(Saved data entries)
Section Coordinates.
Variables (R : realFieldType) (n : nat).
Local Notation V := 'cV[R]_n.
Local Notation M := 'M[R]_n.
Variable S : seq V.
Hypothesis S_uniq : uniq S.
Hypothesis S_free : forall c : V -> R, \sum_(a <- S) c a *: a = 0 -> forall a, a \in S -> c a = 0.
Hypothesis S_span : forall v : V, in_span S v.
Implicit Types (K : seq V) (u v : V).

Definition coord (v : V) : V -> R :=
  proj1_sig (constructive_indefinite_description _ (S_span v)).

Lemma coordE v : v = \sum_(a <- S) coord v a *: a.
Proof. exact: (proj2_sig (constructive_indefinite_description _ (S_span v))). Qed.

Lemma coord_sum c a : a \in S -> coord (\sum_(b <- S) c b *: b) a = c a.
Proof.
move=> aS; apply/eqP; rewrite -subr_eq0; apply/eqP.
apply: (S_free (c := fun b => coord (\sum_(b <- S) c b *: b) b - c b)) => //.
under eq_bigr do rewrite scalerBl.
by rewrite sumrB -coordE subrr.
Qed.

Definition heightC (K : seq V) (v : V) : R :=
  \sum_(a <- S) (if a \in K then 0 else coord v a).

Lemma heightC_sum K c :
  heightC K (\sum_(a <- S) c a *: a) = \sum_(a <- S) (if a \in K then 0 else c a).
Proof. by apply: eq_big_seq => a aS; rewrite coord_sum. Qed.

Lemma heightC_lin K : linear_for *%R (heightC K).
Proof.
move=> k u v; have -> : k *: u + v = \sum_(a <- S) (k * coord u a + coord v a) *: a.
  rewrite [in LHS](coordE u) [in LHS](coordE v) scaler_sumr -big_split.
  by apply: eq_bigr => a _; rewrite scalerDl scalerA.
rewrite heightC_sum /heightC mulr_sumr -big_split; apply: eq_bigr => a _ /=.
by case: (a \in K); rewrite ?mulr0 ?addr0.
Qed.

Lemma heightC_simple K a : a \in S -> heightC K a = (a \notin K)%:R.
Proof.
move=> aS; have Ea : a = \sum_(b <- S) (b == a)%:R *: b.
  rewrite (bigD1_seq a) //= eqxx scale1r big1 ?addr0 // => b /negPf ->.
  by rewrite scale0r.
rewrite {1}Ea heightC_sum (bigD1_seq a) //= eqxx big1 ?addr0 => [|b /negPf ->].
  by case: (a \in K).
by case: (b \in K).
Qed.

Lemma heightC_weyl K x : {subset K <= S} -> weyl K x ->
  forall v, heightC K (x *m v) = heightC K v.
Proof.
move=> KS; apply: gen_invariant => _ v /mapP[a aK ->].
by rewrite reflE -scaleNr addrC heightC_lin heightC_simple ?KS // aK mulr0 add0r.
Qed.

Lemma heightC_perm K (d : M) : d \in unitmx -> (forall a, a \in S -> d *m a \in S) ->
  (forall a, a \in S -> (d *m a \in K) = (a \in K)) ->
  forall v, heightC K (d *m v) = heightC K v.
Proof.
move=> du dS dK v; pose c b := coord v (invmx d *m b).
have -> : d *m v = \sum_(b <- S) c b *: b.
  rewrite [in LHS](coordE v) mulmx_sumr (reindex_mx (fun b => c b *: b) du S_uniq dS).
  by apply: eq_bigr => a _; rewrite -scalemxAr /c mulKmx.
rewrite heightC_sum [RHS]/heightC (reindex_mx _ du S_uniq dS).
by apply: eq_big_seq => a aS; rewrite dK // /c mulKmx.
Qed.

End Coordinates.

● Task brief
From the entries above, show each line that includes the string "Definition".

● Exercise answer
Definition coord (v : V) : V -> R :=
Definition heightC (K : seq V) (v : V) : R :=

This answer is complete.